> **Task item**: Only the lines below, from the one with "rewrite !Rmult_0_r. ring." through the one with "unfold Dst. destruct", are to be written out, exactly.

#### Supplied records ####

(* Let $s,t\in\mathbb{R}$ with $s\ne0$, $s^2+4t>0$, and suppose $q=\varphi'_{s,t}/\varphi_{s,t}$ satisfies $0<\lvert q\rvert<1$. Let $a,b$ be real numbers, and let $f$ be a function defined on a set containing the points $aq^n,bq^n$ ($n\ge0$), with values in $\mathbb{R}$ or $\mathbb{C}$, such that $\mathbf{D}_{s,t}f\in\mathcal{L}^1_{s,t}[a,b]$. Then: (1) $\displaystyle\int_a^b(\mathbf{D}_{s,t}f)(x)\,d_{s,t}x=\Big[f(b)-\lim_{n\to\infty}f(bq^n)\Big]-\Big[f(a)-\lim_{n\to\infty}f(aq^n)\Big]$, provided these limits exist; (2) if in addition $f$ is continuous at $0$, then $\int_a^b(\mathbf{D}_{s,t}f)(x)\,d_{s,t}x=f(b)-f(a)$.
   Context: $\varphi_{s,t}=\frac{s+\sqrt{s^2+4t}}{2}$, $\varphi'_{s,t}=\frac{s-\sqrt{s^2+4t}}{2}$. The $(s,t)$-derivative is $(\mathbf{D}_{s,t}f)(x)=\frac{f(\varphi_{s,t}x)-f(\varphi'_{s,t}x)}{(\varphi_{s,t}-\varphi'_{s,t})x}$ for $x\ne0$ and $(\mathbf{D}_{s,t}f)(0)=f'(0)$. For $0<\lvert q\rvert<1$, the $(s,t)$-integral is $\int_a^b g(x)\,d_{s,t}x=(1-q)\sum_{n=0}^\infty\big[bg(bq^n/\varphi_{s,t})-ag(aq^n/\varphi_{s,t})\big]q^n$. $\mathcal{L}^1_{s,t}[a,b]$ is the set of functions $g$ such that $\lvert g\rvert$ is $(s,t)$-integrable on $[a,b]$, i.e. $\int_a^b\lvert g\rvert\,d_{s,t}x<\infty$ (the defining series converges). *)

(* Functions take complex values (covers the real case). *)
From Stdlib Require Import Reals.
From Coquelicot Require Import Coquelicot.
Open Scope R_scope.

Definition phi (s t : R) : R := (s + sqrt (s ^ 2 + 4 * t)) / 2.
Definition phi' (s t : R) : R := (s - sqrt (s ^ 2 + 4 * t)) / 2.

Definition qst (s t : R) : R := phi' s t / phi s t.

Definition deriv0 (f : R -> C) : C :=
  (Derive (fun x => Re (f x)) 0, Derive (fun x => Im (f x)) 0).

Definition Dst (s t : R) (f : R -> C) (x : R) : C :=
  if Req_EM_T x 0 then deriv0 f
  else Cdiv (Cminus (f (phi s t * x)) (f (phi' s t * x)))
            (RtoC ((phi s t - phi' s t) * x)).

Definition st_integral_term (s t : R) (g : R -> C) (a b : R) (n : nat) : C :=
  let q := qst s t in
  Cmult (RtoC ((1 - q) * q ^ n))
        (Cminus (Cmult (RtoC b) (g (b * q ^ n / phi s t)))
                (Cmult (RtoC a) (g (a * q ^ n / phi s t)))).

Definition is_st_integral (s t : R) (g : R -> C) (a b : R) (v : C) : Prop :=
  is_series (st_integral_term s t g a b) v.

Definition L1st (s t : R) (a b : R) (g : R -> C) : Prop :=
  ex_series (fun n : nat =>
    let q := qst s t in
    (1 - q) * q ^ n * (b * Cmod (g (b * q ^ n / phi s t))
                       - a * Cmod (g (a * q ^ n / phi s t)))).

(* Since phi' = q phi, the (s,t)-derivative at x q^n / phi is the difference
   quotient of f between x q^n and x q^(n+1), and the weight (1 - q) q^n x of the
   (s,t)-integral is exactly the gap between these points.  Hence the n-th term
   of the integral of D_{s,t} f is
   (f (b q^n) - f (b q^(n+1))) - (f (a q^n) - f (a q^(n+1))),
   the series telescopes, and its sum is read off from the limits of
   f (a q^n) and f (b q^n); continuity at 0 identifies both limits with f 0. *)
From Stdlib Require Import Reals Lra.
From Coquelicot Require Import Coquelicot.
Open Scope R_scope.

Lemma sum_n_telescope {G : AbelianGroup} (u : nat -> G) (n : nat) :
  sum_n (fun k => minus (u k) (u (S k))) n = minus (u O) (u (S n)).
Proof.
  induction n as [|n IH].
  - now rewrite sum_O.
  - rewrite sum_Sn, IH. unfold minus.
    now rewrite <- plus_assoc, (plus_assoc (opp _)), plus_opp_l, plus_zero_l.
Qed.

Lemma is_series_telescope {K : AbsRing} {V : NormedModule K} (u : nat -> V) (l : V) :
  filterlim u eventually (locally l) ->
  is_series (fun k => minus (u k) (u (S k))) (minus (u O) l).
Proof.
  intros Hu. unfold is_series.
  apply (filterlim_ext (fun n => minus (u O) (u (S n)))).
  { intros n. symmetry. exact (sum_n_telescope u n). }
  assert (Hshift : filterlim (fun n => u (S n)) eventually (locally l)).
  { apply (filterlim_comp nat nat V S u eventually eventually); [|exact Hu].
    apply eventually_subseq. auto. }
  unfold minus.
  eapply filterlim_comp_2; [apply filterlim_const | | apply (@filterlim_plus K V)].
  eapply filterlim_comp; [exact Hshift | apply (@filterlim_opp K V)].
Qed.

Lemma filterlim_continuous_geom {U : UniformSpace} (f : R -> U) (q c : R) :
  Rabs q < 1 -> continuous f 0 ->
  filterlim (fun n => f (c * q ^ n)) eventually (locally (f 0)).
Proof.
  intros Hq Hf.
  apply (filterlim_comp nat R U (fun n => c * q ^ n) f eventually (locally 0)); [|exact Hf].
  assert (Hlim := is_lim_seq_scal_l _ c _ (is_lim_seq_geom q Hq)).
  simpl in Hlim. now rewrite Rmult_0_r in Hlim.
Qed.

Section Telescoping.

Variables (s t : R) (f : R -> C).
Hypothesis disc_pos : s ^ 2 + 4 * t > 0.
Hypothesis qst_neq0 : qst s t <> 0.

Lemma phi_sub_phi'_gt0 : 0 < phi s t - phi' s t.
Proof.
  unfold phi, phi'.
  assert (0 < sqrt (s ^ 2 + 4 * t)) by (apply sqrt_lt_R0; lra).
  lra.
Qed.

(* [qst] divides by [phi], so [phi = 0] would force the junk value [q = 0]. *)
Lemma phi_neq0 : phi s t <> 0.
Proof.
  intros E. apply qst_neq0. unfold qst. rewrite E. unfold Rdiv. rewrite Rinv_0. ring.
Qed.

Lemma phi'_eq_qst_mul_phi : phi' s t = qst s t * phi s t.
Proof. unfold qst. field. exact phi_neq0. Qed.

Lemma one_sub_qst_neq0 : 1 - qst s t <> 0.
Proof.
  assert (E : 1 - qst s t = (phi s t - phi' s t) / phi s t).
  { rewrite phi'_eq_qst_mul_phi. field. exact phi_neq0. }
  rewrite E. unfold Rdiv. apply Rmult_integral_contrapositive_currified.
  - apply Rgt_not_eq, phi_sub_phi'_gt0.
  - apply Rinv_neq_0_compat, phi_neq0.
Qed.

(* At [x = 0] the weight vanishes, so the junk value [f'(0)] of [Dst] never matters. *)
Lemma Dst_weighted (x : R) :
  Cmult (RtoC ((1 - qst s t) * x)) (Dst s t f (x / phi s t))
  = Cminus (f x) (f (qst s t * x)).
Proof.
  destruct (Req_dec x 0) as [->|Hx].
  { rewrite !Rmult_0_r. ring. }
  assert (Hp := phi_neq0).
  assert (Hw : (1 - qst s t) * x <> 0)
    by (apply Rmult_integral_contrapositive_currified; [exact one_sub_qst_neq0 | exact Hx]).
  unfold Dst. destruct (Req_EM_T (x / phi s t) 0) as [E|_].
  { exfalso. apply Hx. apply (Rmult_eq_reg_r (/ phi s t)); [|now apply Rinv_neq_0_compat].
    rewrite Rmult_0_l. exact E. }
  replace (phi s t * (x / phi s t)) with x by (field; exact Hp).
  replace (phi' s t * (x / phi s t)) with (qst s t * x)
    by (rewrite phi'_eq_qst_mul_phi; field; exact Hp).
  replace ((phi s t - phi' s t) * (x / phi s t)) with ((1 - qst s t) * x)
    by (rewrite phi'_eq_qst_mul_phi; field; exact Hp).
  field. intros E. apply Hw. now apply RtoC_inj.
Qed.

Lemma st_integral_term_Dst (a b : R) (n : nat) :
  st_integral_term s t (Dst s t f) a b n
  = Cminus (Cminus (f (b * qst s t ^ n)) (f (b * qst s t ^ S n)))
           (Cminus (f (a * qst s t ^ n)) (f (a * qst s t ^ S n))).
Proof.
  assert (Hstep : forall c, Cminus (f (c * qst s t ^ n)) (f (c * qst s t ^ S n))
      = Cmult (RtoC ((1 - qst s t) * qst s t ^ n))
              (Cmult (RtoC c) (Dst s t f (c * qst s t ^ n / phi s t)))).
  { intros c. replace (c * qst s t ^ S n) with (qst s t * (c * qst s t ^ n)) by (simpl; ring).
    rewrite <- Dst_weighted, !RtoC_mult. ring. }
  unfold st_integral_term. rewrite !Hstep. ring.
Qed.

Lemma is_st_integral_Dst (a b : R) (La Lb : C) :
  filterlim (fun n => f (a * qst s t ^ n)) eventually (locally La) ->
  filterlim (fun n => f (b * qst s t ^ n)) eventually (locally Lb) ->
  is_st_integral s t (Dst s t f) a b (Cminus (Cminus (f b) Lb) (Cminus (f a) La)).
Proof.
  intros Ha Hb. unfold is_st_integral.
  apply (is_series_ext _ _ _ (fun n => eq_sym (st_integral_term_Dst a b n))).
  assert (Hpow0 : forall c, c = c * qst s t ^ 0) by (intros c; simpl; ring).
  rewrite (Hpow0 a), (Hpow0 b) at 1.
  apply (@is_series_minus _ C_NormedModule);
    apply (@is_series_telescope _ C_NormedModule (fun n => f (_ * qst s t ^ n))); assumption.
Qed.

End Telescoping.

Theorem mainTheorem6 (s t : R) (a b : R) (f : R -> C) :
  s <> 0 ->
  s ^ 2 + 4 * t > 0 ->
  0 < Rabs (qst s t) < 1 ->
  L1st s t a b (Dst s t f) ->
  (forall La Lb : C,
     filterlim (fun n : nat => f (a * qst s t ^ n)) eventually (locally La) ->
     filterlim (fun n : nat => f (b * qst s t ^ n)) eventually (locally Lb) ->
     is_st_integral s t (Dst s t f) a b
       (Cminus (Cminus (f b) Lb) (Cminus (f a) La)))
  /\
  (continuous f 0 ->
     is_st_integral s t (Dst s t f) a b (Cminus (f b) (f a))).
Proof.
  intros _ Hdisc [Hq0 Hq1] _.
  assert (Hq : qst s t <> 0) by (intros E; rewrite E, Rabs_R0 in Hq0; lra).
  split.
  - intros La Lb. exact (is_st_integral_Dst s t f Hdisc Hq a b La Lb).
  - intros Hc.
    replace (Cminus (f b) (f a)) with (Cminus (Cminus (f b) (f 0)) (Cminus (f a) (f 0)))
      by ring.
    apply is_st_integral_Dst; try assumption; apply filterlim_continuous_geom; assumption.
Qed.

####

> **Answer section**:
  { rewrite !Rmult_0_r. ring. }
  assert (Hp := phi_neq0).
  assert (Hw : (1 - qst s t) * x <> 0)
    by (apply Rmult_integral_contrapositive_currified; [exact one_sub_qst_neq0 | exact Hx]).
  unfold Dst. destruct (Req_EM_T (x / phi s t) 0) as [E|_].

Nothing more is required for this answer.